Mlle Deladier fit une pause et sourit largement d’ivresse. Puis elle reprit son soliloque :

— Ce n’était pas la plus simple des choses de me substituer à la Péan. Et, cependant, j’ai réussi grâce un peu à la Péan elle-même qui soulève par ses cris un chahut de tous les diables. Et puis, la Friponne est aux aguets… Mais est-elle bien sûre cette Friponne ? Ne joue-t-elle pas un rôle ? car je crois que Péan lui fait de temps à autre un brin d’amour. N’importe ! la Friponne m’avise de ce qui se passe.

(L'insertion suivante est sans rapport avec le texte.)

(* Let $R$ be a commutative u-ring and let $n\ge 1$ be an integer. Then every $n$-absorbing ideal of $R$ is strongly $n$-absorbing.
   Context: All rings are commutative with identity $1\neq 0$. An ideal $I$ of $R$ is $n$-absorbing if whenever $x_1,\dots,x_{n+1}\in R$ and $x_1x_2\cdots x_{n+1}\in I$, the product of some $n$ of the $x_i$'s lies in $I$. An ideal $I$ of $R$ is strongly $n$-absorbing if whenever $I_1,\dots,I_{n+1}$ are ideals of $R$ with $I_1I_2\cdots I_{n+1}\subseteq I$, the product of some $n$ of the $I_j$'s is contained in $I$. An ideal $I$ of $R$ is a u-ideal if whenever $I\subseteq I_1\cup\cdots\cup I_m$ for finitely many ideals $I_1,\dots,I_m$ of $R$, then $I\subseteq I_j$ for some $j$. A ring $R$ is a u-ring if every ideal of $R$ is a u-ideal. *)

From mathcomp Require Import all_boot all_order all_algebra.
Set Implicit Arguments. Unset Strict Implicit. Unset Printing Implicit Defensive.
Import GRing.Theory.
Local Open Scope ring_scope.

Definition subsetR (R : Type) (A B : R -> Prop) := forall x, A x -> B x.

Definition is_ideal (R : comNzRingType) (I : R -> Prop) : Prop :=
  [/\ I 0, (forall x y, I x -> I y -> I (x + y))
    & (forall r x, I x -> I (r * x))].

Definition gen_ideal (R : comNzRingType) (S : R -> Prop) : R -> Prop :=
  fun x => forall J, is_ideal J -> subsetR S J -> J x.

Definition ideal_prod (R : comNzRingType) (m : nat) (I : 'I_m -> R -> Prop)
  : R -> Prop :=
  gen_ideal (fun y => exists x : 'I_m -> R,
                 (forall j, I j (x j)) /\ y = \prod_(j < m) x j).

Definition n_absorbing (R : comNzRingType) (n : nat) (I : R -> Prop) : Prop :=
  is_ideal I /\
  forall x : 'I_n.+1 -> R, I (\prod_(j < n.+1) x j) ->
    exists i : 'I_n.+1, I (\prod_(j < n.+1 | j != i) x j).

Definition strongly_n_absorbing (R : comNzRingType) (n : nat) (I : R -> Prop)
  : Prop :=
  is_ideal I /\
  forall Is : 'I_n.+1 -> R -> Prop, (forall j, is_ideal (Is j)) ->
    subsetR (ideal_prod Is) I ->
    exists i : 'I_n.+1, subsetR (ideal_prod (fun k : 'I_n => Is (lift i k))) I.

Definition u_ideal (R : comNzRingType) (I : R -> Prop) : Prop :=
  forall (m : nat) (J : 'I_m -> R -> Prop), (forall j, is_ideal (J j)) ->
    subsetR I (fun x => exists j, J j x) -> exists j, subsetR I (J j).

Definition u_ring (R : comNzRingType) : Prop :=
  forall I : R -> Prop, is_ideal I -> u_ideal I.

From mathcomp Require Import all_boot all_order all_algebra.
From Stdlib Require Import Classical FunctionalExtensionality.
Set Implicit Arguments. Unset Strict Implicit. Unset Printing Implicit Defensive.
Import GRing.Theory.
Local Open Scope ring_scope.

(* Say a family T_0, ..., T_n of subsets of R is absorbed if, after omitting
   some T_i, every product of elements chosen from the remaining sets lies in
   I: strong n-absorption asks this of families of ideals, n-absorption of
   families of singletons.  Ideals are traded for singletons one index k at a
   time.  Suppose that for each y in T_k the family with {y} at k is absorbed.
   Either some y is absorbed by omitting k itself, which does not involve T_k,
   or each y lies in one of the n sets
     J_q = {z | the family with {z} at k is absorbed by omitting q},  q <> k.
   These J_q are colon ideals of I, so the u-ideal property puts T_k inside a
   single J_q, i.e. the family is absorbed by omitting q. *)

Section Products.

Variables (R : comNzRingType) (I : R -> Prop).
Hypothesis I_ideal : is_ideal I.

Definition products_in m (S : 'I_m -> R -> Prop) :=
  forall a : 'I_m -> R, (forall j, S j (a j)) -> I (\prod_(j < m) a j).

Definition drop_at m (i : 'I_m.+1) (S : 'I_m.+1 -> R -> Prop) : 'I_m -> R -> Prop :=
  fun k => S (lift i k).

Definition set_at m (S : 'I_m -> R -> Prop) (p : 'I_m) (z : R) :=
  fun j => if j == p then (fun w => w = z) else S j.

Lemma ideal_prod_subsetP m (S : 'I_m -> R -> Prop) :
  subsetR (ideal_prod S) I <-> products_in S.
Proof.
split=> [HS a Ha | HS x Hx]; first by apply: HS => J _; apply; exists a.
by apply: Hx => // y [a [Ha ->]]; apply: HS.
Qed.

Lemma products_in_set_atP m (S : 'I_m -> R -> Prop) (p : 'I_m) :
  products_in S <-> forall z, S p z -> products_in (set_at S p z).
Proof.
split=> [HS z Sz a Ha | HS a Ha].
  by apply: HS => j; move: (Ha j); rewrite /set_at; case: eqP => [-> ->|].
apply: (HS (a p) (Ha p)) => j; rewrite /set_at; case: eqP => [-> //|_].
exact: Ha.
Qed.

Lemma products_in_set_at m (S : 'I_m -> R -> Prop) (p : 'I_m) (z : R) :
  products_in (set_at S p z) <->
  forall a : 'I_m -> R, (forall j, j != p -> S j (a j)) ->
    I (z * \prod_(j < m | j != p) a j).
Proof.
split=> [HS a Ha | HS a Ha].
  have := HS (fun j => if j == p then z else a j).
  rewrite (bigD1 p) //= eqxx (eq_bigr a) => [|j /negbTE -> //].
  by apply=> j; rewrite /set_at; case: eqP => // /eqP; apply: Ha.
have ap : a p = z by move: (Ha p); rewrite /set_at eqxx.
rewrite (bigD1 p) //= ap; apply: HS => j /negbTE jp.
by move: (Ha j); rewrite /set_at jp.
Qed.

Lemma is_ideal_products_in_set_at m (S : 'I_m -> R -> Prop) (p : 'I_m) :
  is_ideal (fun z => products_in (set_at S p z)).
Proof.
case: I_ideal => I0 ID IM.
split=> [|x y|r x]; rewrite !products_in_set_at.
- by move=> a _; rewrite mul0r.
- by move=> Hx Hy a Ha; rewrite mulrDl; apply: ID; [apply: Hx | apply: Hy].
- by move=> Hx a Ha; rewrite -mulrA; apply: IM; apply: Hx.
Qed.

Lemma drop_at_set_at_id m (S : 'I_m.+1 -> R -> Prop) (p : 'I_m.+1) z :
  drop_at p (set_at S p z) = drop_at p S.
Proof.
apply: functional_extensionality => k.
by rewrite /drop_at /set_at eq_sym (negbTE (neq_lift p k)).
Qed.

Lemma drop_at_set_at m (S : 'I_m.+1 -> R -> Prop) (i p : 'I_m.+1) (k0 : 'I_m) z :
  lift i k0 = p -> drop_at i (set_at S p z) = set_at (drop_at i S) k0 z.
Proof.
move=> <-; apply: functional_extensionality => k.
by rewrite /drop_at /set_at (inj_eq (@lift_inj _ i)).
Qed.

Lemma prod_neq_lift n (i : 'I_n.+1) (x : 'I_n.+1 -> R) :
  \prod_(j < n.+1 | j != i) x j = \prod_(k < n) x (lift i k).
Proof.
rewrite big_mkcond (bigD1_ord i) //= eqxx mul1r.
by apply: eq_bigr => k _; rewrite eq_sym (negbTE (neq_lift i k)).
Qed.

Lemma products_in_absorb_at m (T : 'I_m.+1 -> R -> Prop) (p : 'I_m.+1) :
  u_ideal (T p) ->
  (forall y, T p y -> exists i, products_in (drop_at i (set_at T p y))) ->
  exists i, products_in (drop_at i T).
Proof.
move=> uTp absT.
case: (classic (exists2 y, T p y & products_in (drop_at p (set_at T p y)))).
  by case=> y _; rewrite drop_at_set_at_id => drop_p; exists p.
move=> no_drop_p.
pose J (q : 'I_m) z := products_in (drop_at (lift p q) (set_at T p z)).
have J_set_at q : exists2 k0, lift (lift p q) k0 = p &
    J q = fun z => products_in (set_at (drop_at (lift p q) T) k0 z).
  case: (unliftP (lift p q) p) => [k0 Ek0|E].
    exists k0 => //; apply: functional_extensionality => z.
    by rewrite /J (drop_at_set_at _ _ (esym Ek0)).
  by move: (neq_lift p q); rewrite -E eqxx.
have J_ideal q : is_ideal (J q).
  by have [k0 _ ->] := J_set_at q; apply: is_ideal_products_in_set_at.
have J_cover : subsetR (T p) (fun z => exists q, J q z).
  move=> y Ty; have [i Hi] := absT y Ty.
  case: (unliftP p i) => [q Eq|Ep]; first by exists q; rewrite /J -Eq.
  by move: Hi; rewrite Ep => Hi; case: no_drop_p; exists y.
have [q TpJ] := uTp m J J_ideal J_cover.
exists (lift p q); have [k0 Ek0 EJ] := J_set_at q.
apply/(products_in_set_atP _ k0) => z Tz.
have Tpz : T p z by rewrite -Ek0.
by have := TpJ z Tpz; rewrite EJ.
Qed.

Section Absorbing.

Variable n : nat.
Hypothesis u_ring_R : u_ring R.
Hypothesis I_absorbing : forall x : 'I_n.+1 -> R,
  I (\prod_(j < n.+1) x j) -> exists i, I (\prod_(j < n.+1 | j != i) x j).

Lemma products_in_absorb_singletons (x : 'I_n.+1 -> R) (T : 'I_n.+1 -> R -> Prop) :
  (forall j w, T j w <-> w = x j) -> products_in T ->
  exists i, products_in (drop_at i T).
Proof.
move=> Tx HT; have [i Hi] := I_absorbing (HT x (fun j => (Tx j _).2 erefl)).
exists i => a Ha; rewrite (eq_bigr (fun k => x (lift i k))) -?prod_neq_lift //.
by move=> k _; apply/(Tx _ _).1/Ha.
Qed.

Lemma products_in_absorb k (x : 'I_n.+1 -> R) (T : 'I_n.+1 -> R -> Prop) :
  (k <= n.+1)%N ->
  (forall j : 'I_n.+1, (j < k)%N -> is_ideal (T j)) ->
  (forall j : 'I_n.+1, (k <= j)%N -> forall w, T j w <-> w = x j) ->
  products_in T -> exists i, products_in (drop_at i T).
Proof.
elim: k x T => [|k IH] x T le_k_n T_ideal T_single HT.
  by apply: (products_in_absorb_singletons (x := x)) => // j; apply: T_single.
pose p := Ordinal le_k_n.
apply: (products_in_absorb_at (u_ring_R (T_ideal p (ltnSn k)))) => y Ty.
apply: (IH (fun j => if j == p then y else x j)) (ltnW le_k_n) _ _ _.
- move=> j lt_j_k; rewrite /set_at ifN; first by apply: T_ideal; rewrite ltnW.
  by apply: contraTneq lt_j_k => ->; rewrite ltnn.
- move=> j le_k_j w; rewrite /set_at; case: eqP => // /eqP ne_j_p.
  apply: T_single; rewrite ltn_neqAle le_k_j andbT.
  by apply: contra ne_j_p => /eqP k_j; apply/eqP/val_inj.
- exact: (products_in_set_atP _ p).1 HT y Ty.
Qed.

End Absorbing.

End Products.

(* The argument does not use [0 < n]. *)
Theorem theorem2 (R : comNzRingType) (n : nat) (hn : (0 < n)%N) (hu : u_ring R)
  (I : R -> Prop) : n_absorbing n I -> strongly_n_absorbing n I.
Proof.
case=> I_ideal I_absorbing; split=> // Is Is_ideal prod_sub.
have [|i Hi] := products_in_absorb I_ideal hu I_absorbing (x := fun _ => 0)
  (leqnn n.+1) (fun j _ => Is_ideal j) _ ((ideal_prod_subsetP I_ideal _).1 prod_sub).
  by move=> j; rewrite leqNgt ltn_ord.
by exists i; apply/(ideal_prod_subsetP I_ideal).
Qed.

Je cours à l’auberge de France, et au moment où mes idiots de grenadiers sont tout désemparés, je fais mine de me sauver de l’auberge comme si j’eusse été la vieille Péan. Et eux, alors, de m’empoigner… Ah ! l’adorable méprise…

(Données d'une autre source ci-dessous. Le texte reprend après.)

(* Let $f\in\mathbb{R}[X_1,\dots,X_n]$ be a form of degree $2d$. If $$f_{2d,i}\ge \sum_{\alpha\in\Delta,\ \alpha_i\ne 0}\alpha_i\left(\frac{|f_{\alpha}|}{2d}\right)^{2d/(\alpha_in_{\alpha})}\quad\text{for } i=1,\dots,n,$$ where $n_{\alpha}:=|\{i:\alpha_i\neq0\}|$, then $f$ is SOBS.
   Context: For $\alpha\in\mathbb{N}^n$ write $\underline{X}^\alpha=X_1^{\alpha_1}\cdots X_n^{\alpha_n}$. For $f=\sum_\alpha f_\alpha\underline{X}^\alpha$ of degree $2d$, $f_{2d,i}$ denotes the coefficient of $X_i^{2d}$, $\Omega=\{\alpha: f_\alpha\ne0\}\setminus\{\underline{0},2d\epsilon_1,\dots,2d\epsilon_n\}$ ($\epsilon_i$ the standard unit vectors), and $\Delta=\{\alpha\in\Omega:\ f_\alpha<0\text{ or }\alpha_i\text{ odd for some }i\}$. SOBS means a finite sum of squares of polynomials of the form $a\underline{X}^\alpha-b\underline{X}^\beta$, $a,b\in\mathbb{R}$. *)

From mathcomp Require Import all_boot all_algebra.
From mathcomp Require Import mpoly.
From mathcomp Require Import Rstruct.
From Stdlib Require Rpower.
Set Implicit Arguments. Unset Strict Implicit. Unset Printing Implicit Defensive.
Import GRing.Theory Num.Theory.
Local Open Scope ring_scope.

Notation RR := Rdefinitions.R.

Definition mono2d (n d : nat) (i : 'I_n) : 'X_{1..n} :=
  [multinom (if j == i then (2 * d)%N else 0%N) | j < n].

Definition inOmega (n d : nat) (f : {mpoly RR[n]}) (a : 'X_{1..n}) : bool :=
  [&& f@_a != 0, a != 0%MM & [forall i : 'I_n, a != mono2d d i]].

Definition inDelta (n d : nat) (f : {mpoly RR[n]}) (a : 'X_{1..n}) : bool :=
  inOmega d f a && ((f@_a < 0) || [exists i : 'I_n, odd (a i)]).

Definition nalpha (n : nat) (a : 'X_{1..n}) : nat := #|[pred i : 'I_n | a i != 0%N]|.

(* sum_{alpha in Delta, alpha_i <> 0} alpha_i (|f_alpha|/2d)^(2d/(alpha_i n_alpha)) ;
   Delta is contained in the support of f, so we sum over msupp f. *)
Definition rhs_bound (n d : nat) (f : {mpoly RR[n]}) (i : 'I_n) : RR :=
  \sum_(a <- msupp f | inDelta d f a && (a i != 0%N))
     (a i)%:R * Rpower.Rpower (`|f@_a| / (2 * d)%:R)
                              ((2 * d)%:R / (a i * nalpha a)%:R).

Definition SOBS (n : nat) (f : {mpoly RR[n]}) : Prop :=
  exists s : seq (RR * RR * 'X_{1..n} * 'X_{1..n}),
    f = \sum_(t <- s) (t.1.1.1 *: 'X_[t.1.2] - t.1.1.2 *: 'X_[t.2]) ^+ 2.

From mathcomp Require Import all_boot all_order all_algebra.
From mathcomp Require Import mpoly.
From mathcomp Require Import Rstruct.
From mathcomp Require Import ring.
From Stdlib Require Rpower Exp_prop.
Import Order.TTheory GRing.Theory Num.Theory.
Set Implicit Arguments. Unset Strict Implicit. Unset Printing Implicit Defensive.
Local Open Scope ring_scope.

(* Each term [c X^a] with [a] in Delta is absorbed by the vertex terms through
   the weighted AM-GM form [\sum_k a_k (t_k X_k)^(2d) - 2d \prod_k (t_k X_k)^(a_k)],
   with reals [t_k] chosen so that [t_k^(2d)] is the prescribed weight and
   [2d \prod_k t_k^(a_k) = -c] (an odd [a_j] lets us flip the sign of [t_j] when
   [c > 0]).  Following Hurwitz, that form is a sum of binomial squares: merging
   the exponents [a_i], [a_j] into one coordinate reduces the support, at the cost
   of the two-variable form [p u^(p+q) + q v^(p+q) - (p+q) u^p v^q], which lies in
   the cone generated by the [u^k v^l (u - v)^2].  What remains of [f] are the
   vertex terms, nonnegative by hypothesis, and terms outside Delta, which have a
   positive coefficient and even exponents. *)

Section TwoTermAMGM.
Variables (R : comNzRingType) (C : R -> Prop) (w u v : R).
Hypotheses (C0 : C 0) (CD : forall x y, C x -> C y -> C (x + y)).
Hypothesis C_gen : forall k l, C (w * u ^+ k * v ^+ l * (u - v) ^+ 2).

Let cone x := forall k l, C (w * u ^+ k * v ^+ l * x).

Let coneD x y : cone x -> cone y -> cone (x + y).
Proof. by move=> Cx Cy k l; rewrite mulrDr; apply: CD. Qed.

Let coneMl x : cone x -> cone (u * x).
Proof. by move=> Cx k l; have := Cx k.+1 l; rewrite exprS; congr C; ring. Qed.

Let coneMr x : cone x -> cone (v * x).
Proof. by move=> Cx k l; have := Cx k l.+1; rewrite exprS; congr C; ring. Qed.

Let cone_subX r : cone ((u - v) * (u ^+ r - v ^+ r)).
Proof.
elim: r => [|r IHr] k l; first by rewrite subrr !mulr0.
have -> : (u - v) * (u ^+ r.+1 - v ^+ r.+1)
    = u * ((u - v) * (u ^+ r - v ^+ r)) + v ^+ r * (u - v) ^+ 2.
  by rewrite !exprS; ring.
apply: coneD (coneMl IHr) _ k l => k' l'.
by have := C_gen k' (l' + r); rewrite exprD; congr C; ring.
Qed.

(* [D (p.+1) q - u * D p q], where [D p q] is the bracket in [amgm2_cone] *)
Let cone_increment p q :
  cone (u ^+ p.+1 * (u ^+ q - v ^+ q) - (v ^+ (p + q) * (u - v)) *+ q).
Proof.
elim: q => [|q IHq]; first by rewrite subrr mulr0 mulr0n subrr => k l; rewrite mulr0.
have -> : u ^+ p.+1 * (u ^+ q.+1 - v ^+ q.+1) - (v ^+ (p + q.+1) * (u - v)) *+ q.+1
   = v * (u ^+ p.+1 * (u ^+ q - v ^+ q) - (v ^+ (p + q) * (u - v)) *+ q)
     + (u - v) * (u ^+ (p + q).+1 - v ^+ (p + q).+1).
  by rewrite addnS !exprS !exprD; ring.
exact: coneD (coneMr IHq) (cone_subX _).
Qed.

Lemma amgm2_cone p q :
  C (w * (u ^+ (p + q) *+ p + v ^+ (p + q) *+ q - (u ^+ p * v ^+ q) *+ (p + q))).
Proof.
suff D_cone : cone (u ^+ (p + q) *+ p + v ^+ (p + q) *+ q - (u ^+ p * v ^+ q) *+ (p + q)).
  by have := D_cone 0%N 0%N; rewrite !expr0 !mulr1.
elim: p => [|p IHp]; first by rewrite !add0n !mulr0n add0r expr0 mul1r subrr => k l; rewrite mulr0.
have -> : u ^+ (p.+1 + q) *+ p.+1 + v ^+ (p.+1 + q) *+ q - (u ^+ p.+1 * v ^+ q) *+ (p.+1 + q)
   = u * (u ^+ (p + q) *+ p + v ^+ (p + q) *+ q - (u ^+ p * v ^+ q) *+ (p + q))
     + (u ^+ p.+1 * (u ^+ q - v ^+ q) - (v ^+ (p + q) * (u - v)) *+ q).
  by rewrite !addSn !exprS !exprD; ring.
exact: coneD (coneMl IHp) (cone_increment _ _).
Qed.

End TwoTermAMGM.

Definition power_sum (R : pzSemiRingType) k (x : 'I_k -> R) (m : nat) (a : 'X_{1..k}) : R :=
  \sum_(l < k) x l ^+ m *+ a l.

Definition mmove k (a : 'X_{1..k}) (i j : 'I_k) : 'X_{1..k} :=
  [multinom if l == i then 0%N else if l == j then (a i + a j)%N else a l | l < k].

Section MultinomialSurgery.
Variables (k : nat) (a : 'X_{1..k}) (i j : 'I_k).
Hypothesis neq_ij : i != j.

Lemma big_pair (R : Type) (idx : R) (op : Monoid.com_law idx) (F : 'I_k -> R) :
  \big[op/idx]_l F l = op (F i) (op (F j) (\big[op/idx]_(l | (l != i) && (l != j)) F l)).
Proof. by rewrite (bigD1 i) // (bigD1 j) //= eq_sym neq_ij. Qed.

Lemma mmoveE l : mmove a i j l = if l == i then 0%N else if l == j then (a i + a j)%N else a l.
Proof. exact: mnmE. Qed.

Lemma mdeg_mmove : mdeg (mmove a i j) = mdeg a.
Proof.
rewrite !mdegE !big_pair /= !mmoveE eqxx eq_sym (negbTE neq_ij) eqxx add0n -addnA.
by congr (_ + (_ + _))%N; apply: eq_bigr => l /andP [/negbTE li /negbTE lj]; rewrite mmoveE li lj.
Qed.

Lemma nalpha_mmove : a i != 0%N -> a j != 0%N -> (nalpha (mmove a i j) < nalpha a)%N.
Proof.
move=> ai aj; apply: proper_card; apply/properP; split.
  apply/subsetP => l; rewrite !inE mmoveE.
  by case: (l =P i) => // _; case: (l =P j) => // ->.
by exists i; rewrite !inE ?mmoveE ?eqxx.
Qed.

End MultinomialSurgery.

Section PowerSum.
Variables (R : comNzRingType) (k : nat) (x : 'I_k -> R).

La jeune fille riait presque aux éclats. Mais peu après elle grinça des dents à l’évocation d’un souvenir.

Et l’autre, ce goujat de Foissan qui eut la présomption de croire que j’allais unir ma destinée à la sienne… qu’en faire ? Monsieur l’intendant a dit de le délivrer ou le tuer dans ses fers… faire en sorte qu’il ne passe pas en conseil de guerre. Non… le tuer comme ça, froidement, je ne pourrais pas, car il ne m’a fait d’autre mal que de m’avoir embêtée de ses assiduités. Le mieux c’est d’ouvrir son cachot et lui donner la clef des champs, puis de rendre la liberté aux trois gardes de Monsieur l’intendant et de m’escamper à mon tour.

Elle se reprit à rire, d’un rire juvénile, espiègle.

— Mon Dieu ! que c’est drôle, et ce qu’on s’amuse en cette Nouvelle-France !

Puis, sérieuse :

— Oui, mais l’ennuyeux c’est de vivre dans cette sordide cabane sans jour et sans air une journée, deux jours, trois jours peut-être ! C’est égal, je m’amuserai à préparer mes plans. Pour aujourd’hui je vais me contenter de faire une reconnaissance autour de la prison de Foissan, tout en me mettant au courant des aîtres de la place…

Elle se tut pour demeurer grave et méditative. Puis :

— Ne serait-il pas avantageux de mettre Foissan sur le qui-vive, par exemple, en lui glissant une note ? Oui, et lui faire savoir en même temps que je travaille à sa délivrance. Mais avec quoi écrire un billet ?…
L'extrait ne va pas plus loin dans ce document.